The new formulation can also be described by other periodic functions, for example, trigonometric [16], [48], [49]:

(6) y=aebxsin(ωx+φ)+cx+d
(7) y=aebxtn(ωx+φ)+cx+d

Description by the equation of a wide range of properties

The proposed eqs. (5–7) are effective not only to describe the ionization energies (Fig. 3). These equations were able to describe other properties of atoms and elements:

  1. Electron affinity [48]

  2. Proton affinity and gas phase basicity [17]

  3. Electronegativity [48]

  4. Covalent atomic radii [48]

  5. Enthalpy of element formations in the gas phase [47], [48]

  6. and others [47]

The equations are correct for describing the properties of not only the elements, but also the compounds, as well as their fragments:

  1. Acidic properties of the hydrogen compounds of the elements ElHn: CH4, SiH4, GeH4, NH3, PH3, AsH3, H2O, H2S, H2Se, HF, HCl, HBr, and HJ by enthalpy changes in the reaction ElHn=ElHn−1+H+ [48]
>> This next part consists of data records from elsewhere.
(* There exist finite languages $L_1, L_2, L_3, L_4$ (over finite alphabets) such that $\mathbb{ROGI}^*(L_1, L_2)$ and $\mathbb{LOGI}^*(L_3, L_4)$ are not regular. (For instance, over $\{\$, a, b, c, d\}$ with $L_1 = \{acdb, cabd\}$, $L_2 = \{a\$b\}$: $\mathbb{ROGI}^*(L_1,L_2) = \{(ca)^i \$ (bd)^i \mid i \geq 0\} \cup \{a (ca)^i \$ (bd)^i b \mid i \geq 0\}$.)
   Context: Outfix-guided insertion: $x \leftarrow y = \{ x_1 u z v x_2 \mid x = x_1 u v x_2,\ y = u z v,\ u \neq \varepsilon,\ v \neq \varepsilon \}$, extended to languages by union over all pairs. Right one-sided iteration: $\mathbb{ROGI}^{(0)}(L_1,L_2) = L_2$, $\mathbb{ROGI}^{(i+1)}(L_1,L_2) = L_1 \leftarrow \mathbb{ROGI}^{(i)}(L_1,L_2)$, $\mathbb{ROGI}^*(L_1,L_2) = \bigcup_{i\geq 0}\mathbb{ROGI}^{(i)}(L_1,L_2)$. Left one-sided iteration: $\mathbb{LOGI}^{(0)}(L_1,L_2) = L_1$, $\mathbb{LOGI}^{(i+1)}(L_1,L_2) = \mathbb{LOGI}^{(i)}(L_1,L_2) \leftarrow L_2$, $\mathbb{LOGI}^*(L_1,L_2) = \bigcup_{i\geq 0}\mathbb{LOGI}^{(i)}(L_1,L_2)$. *)

From mathcomp Require Import all_boot.
Set Implicit Arguments. Unset Strict Implicit. Unset Printing Implicit Defensive.

Definition lang (T : finType) := seq T -> Prop.

Definition finlang (T : finType) (s : seq (seq T)) : lang T := fun w => w \in s.

Definition og_ins (T : finType) (x y w : seq T) : Prop :=
  exists x1 u z v x2 : seq T,
    [/\ x = x1 ++ u ++ v ++ x2, y = u ++ z ++ v, u <> [::], v <> [::]
      & w = x1 ++ u ++ z ++ v ++ x2].

Definition og_ins_lang (T : finType) (L1 L2 : lang T) : lang T :=
  fun w => exists x y, [/\ L1 x, L2 y & og_ins x y w].

Fixpoint ROGI_n (T : finType) (L1 L2 : lang T) (i : nat) : lang T :=
  match i with
  | 0 => L2
  | i'.+1 => og_ins_lang L1 (ROGI_n L1 L2 i')
  end.

Definition ROGI_star (T : finType) (L1 L2 : lang T) : lang T :=
  fun w => exists i, ROGI_n L1 L2 i w.

Fixpoint LOGI_n (T : finType) (L1 L2 : lang T) (i : nat) : lang T :=
  match i with
  | 0 => L1
  | i'.+1 => og_ins_lang (LOGI_n L1 L2 i') L2
  end.

Definition LOGI_star (T : finType) (L1 L2 : lang T) : lang T :=
  fun w => exists i, LOGI_n L1 L2 i w.

Definition regular (T : finType) (L : lang T) : Prop :=
  exists (Q : finType) (q0 : Q) (delta : Q -> T -> Q) (F : pred Q),
    forall w, L w <-> F (foldl delta q0 w).

(* Over {a, b, c, d}, take ROGI*({acdb, cabd}, {cd}) and LOGI*({ab}, {cabd, acdb}).
   Both contain the words (ca)^n cd (bd)^n, respectively (ac)^n ab (db)^n, obtained by
   two insertions per step.  Conversely, every word of these languages has as many
   c's as d's: this is an invariant of the insertions once it is strengthened by a
   local condition (first and last letters (c, d) or (a, b) for ROGI; no factor ad
   or cb for LOGI).  Hence the prefixes (ca)^j, resp. (ac)^j, are pairwise
   separated by the corresponding suffixes, and no DFA accepts either language. *)
From mathcomp Require Import all_boot.
From mathcomp Require Import zify.

Set Implicit Arguments. Unset Strict Implicit. Unset Printing Implicit Defensive.

Section Splits.

Variable T : eqType.

Definition splits (s : seq T) : seq (seq T * seq T) :=
  [seq (take k s, drop k s) | k <- iota 0 (size s).+1].

Definition all_splits (P : seq T -> seq T -> bool) (s : seq T) : bool :=
  all (fun p => P p.1 p.2) (splits s).

Lemma mem_splits s1 s2 : (s1, s2) \in splits (s1 ++ s2).
Proof.
apply/mapP; exists (size s1); last by rewrite take_size_cat // drop_size_cat.
by rewrite mem_iota size_cat /=; lia.
Qed.

Lemma all_splitsP (P : seq T -> seq T -> bool) s :
  reflect (forall s1 s2, s = s1 ++ s2 -> P s1 s2) (all_splits P s).
Proof.
apply: (iffP allP) => [P_splits s1 s2 def_s | P_cats [s1 s2] /mapP[k _ [-> ->]]].
  by apply: (P_splits (s1, s2)); rewrite def_s mem_splits.
by apply: P_cats; rewrite cat_take_drop.
Qed.

Lemma head_cat (x : T) s1 s2 : head x (s1 ++ s2) = head (head x s2) s1.
Proof. by case: s1. Qed.

Lemma head_cat_nonnil (x : T) s1 s2 : s1 != [::] -> head x (s1 ++ s2) = head x s1.
Proof. by case: s1. Qed.

Lemma last_cat_nonnil (x : T) s1 s2 : s2 != [::] -> last x (s1 ++ s2) = last x s2.
Proof. by rewrite last_cat; case: s2. Qed.

Lemma sorted_cat_replace (e : rel T) a b h m m' :
  last h m = last h m' -> path e h m' ->
  sorted e (a ++ h :: m ++ b) -> sorted e (a ++ h :: m' ++ b).
Proof.
move=> eq_last hm'; rewrite !sorted_cat_cons !cat_path -eq_last hm'.
by case/and3P=> -> _ ->.
Qed.

End Splits.

Lemma finType_nat_collision (Q : finType) (f : nat -> Q) :
  exists i j, i < j /\ f i = f j.
Proof.
pose g (i : 'I_#|Q|.+1) := f i.
have /injectivePn[i [j neq_ij eq_fij]] : ~~ injectiveb g.
  by apply/negP => /injectiveP/leq_card; rewrite card_ord ltnn.
case: (ltngtP i j) => [lt_ij | lt_ji | eq_ij]; first by exists i, j.
  by exists j, i.
by move: neq_ij; rewrite -val_eqE /= eq_ij eqxx.
Qed.

(* If the prefixes p i are pairwise separated by the suffixes s i, two of them
   reach the same state of any candidate DFA, which then errs on p j ++ s i. *)
Lemma not_regular_fooling (T : finType) (L : lang T) (p s : nat -> seq T) :
  (forall i, L (p i ++ s i)) -> (forall i j, i < j -> ~ L (p j ++ s i)) ->
  ~ regular L.
Proof.
move=> Lps notLps [Q [q0 [delta [F accF]]]].
have [i [j [lt_ij eq_ij]]] := finType_nat_collision (fun n => foldl delta q0 (p n)).
apply: (notLps i j lt_ij); apply/accF.
by rewrite foldl_cat -eq_ij -foldl_cat; apply/accF.
Qed.

Section Invariants.

Variables (T : finType) (L1 L2 P : lang T).

Lemma ROGI_star_inv :
  (forall y, L2 y -> P y) ->
  (forall x y w, L1 x -> P y -> og_ins x y w -> P w) ->
  forall w, ROGI_star L1 L2 w -> P w.
Proof.
move=> P_L2 P_ins w [n]; elim: n w => [|n IHn] w /=; first exact: P_L2.
by case=> x [y [L1x /IHn Py ins]]; exact: P_ins L1x Py ins.
Qed.

Lemma LOGI_star_inv :
  (forall x, L1 x -> P x) ->
  (forall x y w, P x -> L2 y -> og_ins x y w -> P w) ->
  forall w, LOGI_star L1 L2 w -> P w.
Proof.
move=> P_L1 P_ins w [n]; elim: n w => [|n IHn] w /=; first exact: P_L1.
by case=> x [y [/IHn Px L2y ins]]; exact: P_ins Px L2y ins.
Qed.

End Invariants.

Definition letter := 'I_4.
Definition la : letter := @Ordinal 4 0 isT.
Definition lb : letter := @Ordinal 4 1 isT.
Definition lc : letter := @Ordinal 4 2 isT.
Definition ld : letter := @Ordinal 4 3 isT.

Definition balanced (w : seq letter) : bool := count_mem lc w == count_mem ld w.

Lemma balanced_insert (s1 z s2 : seq letter) :
  balanced (s1 ++ s2) -> balanced z -> balanced (s1 ++ z ++ s2).
Proof. by rewrite /balanced !count_cat => /eqP ? /eqP ?; apply/eqP; lia. Qed.

Definition rogi_hosts : seq (seq letter) :=
  [:: [:: la; lc; ld; lb]; [:: lc; la; lb; ld]].
Definition rogi_seed : seq (seq letter) := [:: [:: lc; ld]].

Definition rogi_ends (h l : letter) : bool := (h, l) \in [:: (lc, ld); (la, lb)].

Definition rogi_inv (w : seq letter) : bool :=
  balanced w && rogi_ends (head la w) (last la w).

Definition rogi_check (x1 u v x2 : seq letter) : bool :=
  (u != [::]) ==> (v != [::]) ==> rogi_ends (head la u) (last la v) ==>
  balanced (x1 ++ x2) && rogi_ends (head (head la u) x1) (last (last la v) x2).

(* The invariant step depends only on the factorization x = x1 u v x2 of the host,
   and a host from rogi_hosts has finitely many. *)
Lemma rogi_checks : all (all_splits (fun x1 r =>
  all_splits (fun u r' => all_splits (rogi_check x1 u) r') r)) rogi_hosts.
Proof. by vm_compute. Qed.

Lemma rogi_inv_ins x y w :
  x \in rogi_hosts -> rogi_inv y -> og_ins x y w -> rogi_inv w.
Proof.
move=> hostx /andP[bal_y ends_y] [x1 [u [z [v [x2 [def_x def_y nz_u nz_v ->]]]]]].
subst x y; move/eqP: nz_u => nz_u; move/eqP: nz_v => nz_v.
have /implyP/(_ nz_u)/implyP/(_ nz_v)/implyP : rogi_check x1 u v x2.
  move: (allP rogi_checks _ hostx) => /all_splitsP/(_ x1 _ erefl).
  by move=> /all_splitsP/(_ u _ erefl)/all_splitsP/(_ v x2 erefl).
rewrite head_cat_nonnil // catA last_cat_nonnil // in ends_y.
case/(_ ends_y)/andP=> bal_x ends_w; apply/andP; split.
  have -> : x1 ++ u ++ z ++ v ++ x2 = x1 ++ (u ++ z ++ v) ++ x2 by rewrite -!catA.
  exact: balanced_insert.
by rewrite head_cat head_cat_nonnil // !catA last_cat last_cat_nonnil.
Qed.

Fixpoint rogi_pre (n : nat) : seq letter :=
  if n is m.+1 then lc :: la :: rogi_pre m else [::].
Fixpoint rogi_suf (n : nat) : seq letter :=
  if n is m.+1 then rogi_suf m ++ [:: lb; ld] else [:: lc; ld].

Lemma rogi_word_in n :
  ROGI_n (finlang rogi_hosts) (finlang rogi_seed) n.*2 (rogi_pre n ++ rogi_suf n).
Proof.
elim: n => [|n IHn]; first by rewrite /= /finlang inE.
have [z def_w] : exists z, rogi_pre n ++ rogi_suf n = [:: lc] ++ z ++ [:: ld].
  case: n {IHn} => [|n]; first by exists [::].
  by exists (la :: (rogi_pre n ++ rogi_suf n) ++ [:: lb]); rewrite /= -!catA.
rewrite doubleS /=.
exists [:: lc; la; lb; ld], ([:: la] ++ (rogi_pre n ++ rogi_suf n) ++ [:: lb]).
split=> //.
- exists [:: la; lc; ld; lb], (rogi_pre n ++ rogi_suf n); split => //.
  exists [:: la], [:: lc], z, [:: ld], [:: lb]; split => //.
  by rewrite def_w /= -!catA.
- exists [:: lc], [:: la], (rogi_pre n ++ rogi_suf n), [:: lb], [:: ld]; split => //.
  by rewrite /= -!catA.
Qed.

Lemma balanced_rogi_word i j : balanced (rogi_pre j ++ rogi_suf i) = (j == i).
Proof.
have count_pre n : count_mem lc (rogi_pre n) = n /\ count_mem ld (rogi_pre n) = 0.
  by elim: n => //= n [-> ->].
have count_suf n : count_mem lc (rogi_suf n) = 1 /\ count_mem ld (rogi_suf n) = n.+1.
  by elim: n => //= n [IHc IHd]; rewrite !count_cat IHc IHd /=; lia.
rewrite /balanced !count_cat.
have [-> ->] := count_pre j; have [-> ->] := count_suf i.
by rewrite add0n addn1 eqSS.
Qed.

Lemma ROGI_not_regular :
  ~ regular (ROGI_star (finlang rogi_hosts) (finlang rogi_seed)).
Proof.
apply: (not_regular_fooling (p := rogi_pre) (s := rogi_suf)).
  by move=> i; exists i.*2; apply: rogi_word_in.
move=> i j lt_ij w_in.
suff : rogi_inv (rogi_pre j ++ rogi_suf i).
  by rewrite /rogi_inv balanced_rogi_word gtn_eqF.
apply: (ROGI_star_inv (P := rogi_inv) _ _ w_in) => [y | x y w].
  by rewrite /finlang inE => /eqP ->.
exact: rogi_inv_ins.
Qed.

Definition logi_seed : seq (seq letter) := [:: [:: la; lb]].
Definition logi_inserts : seq (seq letter) :=
  [:: [:: lc; la; lb; ld]; [:: la; lc; ld; lb]].

Definition logi_adj : rel letter := fun p q => (p, q) \notin [:: (la, ld); (lc, lb)].

Definition logi_inv (w : seq letter) : bool := sorted logi_adj w && balanced w.

Definition logi_check (u z v : seq letter) : bool :=
  (u != [::]) ==> (v != [::]) ==> sorted logi_adj (u ++ v) ==> balanced z.

(* Likewise, only the factorization y = u z v of the inserted word matters. *)
Lemma logi_checks : all (fun y =>
    sorted logi_adj y && all_splits (fun u r => all_splits (logi_check u) r) y)
  logi_inserts.
Proof. by vm_compute. Qed.

Lemma logi_inv_ins x y w :
  logi_inv x -> y \in logi_inserts -> og_ins x y w -> logi_inv w.
Proof.
move=> /andP[sorted_x bal_x] insy [x1 [u [z [v [x2 [def_x def_y nz_u nz_v ->]]]]]].
subst x y; move/eqP: nz_u => nz_u; move/eqP: nz_v => nz_v.
have /andP[sorted_y checks_y] := allP logi_checks _ insy.
have sorted_uv : sorted logi_adj (u ++ v).
  by apply: infix_sorted sorted_x; rewrite (catA u) infix_infix.
have bal_z : balanced z.
  move/all_splitsP/(_ u _ erefl)/all_splitsP/(_ z v erefl): checks_y.
  by rewrite /logi_check nz_u nz_v sorted_uv.
apply/andP; split; last by rewrite catA balanced_insert // -catA.
case: u nz_u sorted_x sorted_y {insy bal_x checks_y sorted_uv} => // h u _.
move=> sorted_x sorted_y.
have reshape s : x1 ++ (h :: u) ++ s ++ v ++ x2 = x1 ++ h :: (u ++ s ++ v) ++ x2.
  by rewrite -!catA.
rewrite reshape; rewrite (reshape [::]) cat0s in sorted_x.
apply: (sorted_cat_replace (m := u ++ v) (m' := u ++ z ++ v)) sorted_y sorted_x.
by rewrite catA !last_cat_nonnil.
Qed.

Fixpoint logi_pre (n : nat) : seq letter :=
  if n is m.+1 then logi_pre m ++ [:: la; lc] else [::].
Fixpoint logi_tail (n : nat) : seq letter :=
  if n is m.+1 then ld :: lb :: logi_tail m else [::].

Lemma logi_word_in n :
  LOGI_n (finlang logi_seed) (finlang logi_inserts) n.*2
    (logi_pre n ++ [:: la; lb] ++ logi_tail n).
Proof.
elim: n => [|n IHn]; first by rewrite /= /finlang inE.
rewrite doubleS /=.
exists (logi_pre n ++ [:: la; lc; ld; lb] ++ logi_tail n), [:: lc; la; lb; ld].
split=> //.
- exists (logi_pre n ++ [:: la; lb] ++ logi_tail n), [:: la; lc; ld; lb]; split => //.
  by exists (logi_pre n), [:: la], [:: lc; ld], [:: lb], (logi_tail n).
- exists (logi_pre n ++ [:: la]), [:: lc], [:: la; lb], [:: ld].
  exists ([:: lb] ++ logi_tail n).
  by split => //; rewrite -!catA.
Qed.

Lemma balanced_logi_word i j :
  balanced (logi_pre j ++ [:: la; lb] ++ logi_tail i) = (j == i).
Proof.
have count_pre n : count_mem lc (logi_pre n) = n /\ count_mem ld (logi_pre n) = 0.
  by elim: n => //= n [IHc IHd]; rewrite !count_cat IHc IHd /=; lia.
have count_tail n : count_mem lc (logi_tail n) = 0 /\ count_mem ld (logi_tail n) = n.
  by elim: n => //= n [-> ->].
rewrite /balanced !count_cat.
have [-> ->] := count_pre j; have [-> ->] := count_tail i.
by rewrite /= !(addn0, add0n).
Qed.

Lemma LOGI_not_regular :
  ~ regular (LOGI_star (finlang logi_seed) (finlang logi_inserts)).
Proof.
apply: (not_regular_fooling (p := logi_pre) (s := fun i => [:: la; lb] ++ logi_tail i)).
  by move=> i; exists i.*2; apply: logi_word_in.
move=> i j lt_ij w_in.
suff : logi_inv (logi_pre j ++ [:: la; lb] ++ logi_tail i).
  by rewrite /logi_inv balanced_logi_word gtn_eqF ?andbF.
apply: (LOGI_star_inv (P := logi_inv) _ _ w_in) => [x | x y w].
  by rewrite /finlang inE => /eqP ->.
exact: logi_inv_ins.
Qed.

Theorem proposition4p12 :
  (exists (T : finType) (L1 L2 : seq (seq T)),
      ~ regular (ROGI_star (finlang L1) (finlang L2))) /\
  (exists (T : finType) (L3 L4 : seq (seq T)),
      ~ regular (LOGI_star (finlang L3) (finlang L4))).
Proof.
split; first by exists letter, rogi_hosts, rogi_seed; exact: ROGI_not_regular.
by exists letter, logi_seed, logi_inserts; exact: LOGI_not_regular.
Qed.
  2. Acidic properties of protonated atoms and molecules: AH+: NeH+, ArH+, KrH+, XeH+, NH4+, PH4+, AsH4+, H3O+, H3S+, H3Se+, H2F+, H2Cl+, H2Br+, and H2I+ by changes in the free energy in the reaction AH+=A+H+ [48]

  3. Gas phase basicity and proton affinity of the compounds ElRn, where El are elements of groups 2, 13, 14, 15, 16 and 17 [49]

  4. Inductive effects of atoms and groups Rn−1El– (ligands in coordination chemistry and substituents in organic chemistry), where El are elements of groups 1–17 [50]

  5. Electronic parameters of neutral ligands, compounds of elements of groups 14, 15, 16 and 17 [51]

  6. Electron effect constants of coordinating metals of groups 5–10 [47], [52].

Areas of the application of the new formulation and equation

Interesting theoretical results can be obtained by comparing and explaining the differences for the equations obtained for different blocks of elements and different sets of elements inside blocks. This applies, in particular, to kainosymmetry (absence of “primogenic repulsion”) as well as to internal and secondary periodicity [17], [18], [53].

It would be useful to see within the general picture how all the underlying i-electrons influence on the outer i-electrons.

The proposed equation opened up the possibility of large-scale prediction of the properties. For example, were the following properties were predicted:

  1. Proton affinity and gas phase basicity of 20 elements [17]

  2. Constants of inductive effects of 185 atoms and groups [50]

  3. Electronic parameters of 222 neutral ligands [51]

The most promising for forecasting are the following areas:

  1. Prediction of the properties of element compounds. The number of elements is relatively small and they are studied in detail, but the number of their compounds is hundreds and thousands of times more

  2. Forecast of the reaction rates of atoms in various interactions. There are no such comprehensive and accurate data on kinetics for an atom of each element, such as, for example, ionization energies. Here is a completely new, very extensive field for the predictive application of equations. The next stage is the transition from reactions of atoms to reactions of compounds.

The challenge for the future seems to be the spread of periodic equations to the description of the bottom of the Periodic table. Here relativistic effects [53], [54], [55] operate, which are not taken into account by eqs. (5–7). Starting from period 6, these effects significantly affect the properties. Two solutions appear to be possible: (1) a description of the upper and lower parts of the periodic table by two different modifications of the mentioned equations or (2) the introduction of an additional term in the equation reflecting relativistic effects.

Specifics of the equation

It should be noted that the above eq. 5 is not a simple (statistical) correlation: it describes a cause-and-effect relationship. The fact that the number of i-electrons in the outer subshell of an i-block atom, their principal and orbital quantum numbers determines the properties of an element is generally recognized in chemistry. These characteristics strongly correspond to the total number of i-electrons. If it is necessary to take into account other electrons, it is essential to acknowledge that their characteristics are also strongly related to the total number of i-electrons. When considering the properties of elements (atoms) separately in blocks, it seems natural to view the total number of i-electrons as the prime cause.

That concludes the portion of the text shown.